Paris and southeast London have the highest rate of people reporting psychotic episodes, according to a new international study that compared rates of the mental disorder in six countries.

Paris has one of highest rates of psychosis, new study finds
Photo: AFP

A total of 17 areas in Britain, France, Italy, The Netherlands, Spain and Brazil were covered in the report in the Journal of the American Medical

Association (JAMA) Psychiatry.

Researchers described the study as the largest international comparison of psychotic disorders to date, and the first major analysis of its kind in more than 25 years.

A previous study in 1992 that spanned eight diverse settings in rural and urban India, Japan, Europe and North America found that the rates of
schizophrenic disorders were “surprisingly similar.”

But the latest study found that rates of psychosis can be close to eight times higher in some regions compared to others, with the lowest incidence seen in the area around Santiago, Spain, and the highest in inner-city Paris and Southeast London.

“It's well-established that psychotic disorders, such as schizophrenia, are highly heritable, but genetics don't tell the whole story,” said lead author James Kirkbride, professor of psychiatry at University College London.

“Our findings suggest that environmental factors can also play a big role.”

The study was based on people aged 18-64 who contacted mental health services after a suspected first psychotic episode.

A total of 2,774 cases were analyzed.

Population density was not a factor in the psychotic rate, nor could differences be explained by age, sex or ethnic composition.

Rather, researchers found higher rates in younger men, among racial and ethnic minorities, and that “the strongest area-level predictor of high rates of psychotic disorders was a low rate of owner-occupied housing,” said the report.

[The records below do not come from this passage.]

(* Let \[ q(x,y,z,a,b)=\frac{(1+xz)(1+yz)}{1-xy}-a\frac{(x+z)(1+yz)}{x-y}+b\frac{(1+xz)(y+z)}{x-y}-ab\frac{(x+z)(y+z)}{1-xy}. \] For indeterminates $x_1,\dots,x_n$, $y_1,\dots,y_n$, $a_1,\dots,a_n$, $b_1,\dots,b_n$, $z$, \[ \det\left(q(x_i,y_j,z,a_i,b_j)\right)_{1\le i,j\le n}=\frac{(-1)^n}{\prod_{i=1}^n\prod_{j=1}^n(x_i-y_j)(1-x_iy_j)}\det W, \] where $W=(W_{i,j})_{1\le i,j\le 2n+1}$ is given, for $1\le j\le 2n+1$, by $W_{i,j}=x_i^{j-1}-a_ix_i^{2n+1-j}$ for $1\le i\le n$, $W_{i,j}=y_{i-n}^{j-1}-b_{i-n}y_{i-n}^{2n+1-j}$ for $n+1\le i\le 2n$, and $W_{2n+1,j}=(-z)^{2n+1-j}$. *)

From HB Require Import structures.
From mathcomp Require Import all_boot all_order all_algebra.
Set Implicit Arguments. Unset Strict Implicit. Unset Printing Implicit Defensive.
Import Order.TTheory GRing.Theory Num.Theory.
Local Open Scope ring_scope.

Definition qfun (F : fieldType) (x y z a b : F) : F :=
  (1 + x * z) * (1 + y * z) / (1 - x * y)
  - a * ((x + z) * (1 + y * z) / (x - y))
  + b * ((1 + x * z) * (y + z) / (x - y))
  - a * b * ((x + z) * (y + z) / (1 - x * y)).

Definition Qmat (F : fieldType) (n : nat) (x y a b : 'I_n -> F) (z : F)
  : 'M[F]_n := \matrix_(i < n, j < n) qfun (x i) (y j) z (a i) (b j).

The findings suggest “social deprivation” may be at play, said co-author Hannah Jongsma, a researcher at the University of Cambridge.

“People in areas that are socially deprived may have more social stresses, which could predict psychosis incidence, as suggested by other studies,” Jongsma said.

“An alternative explanation could be that owner-occupied housing is an indicator of social stability and cohesiveness, relating to stronger support networks.”

According to an accompanying editorial in JAMA, the study, like the 1992 one before it, “raises more questions than it answers.”

“We hope that it will spur further international efforts to explore how variation in sociocultural environments might be associated with psychosis incidence.”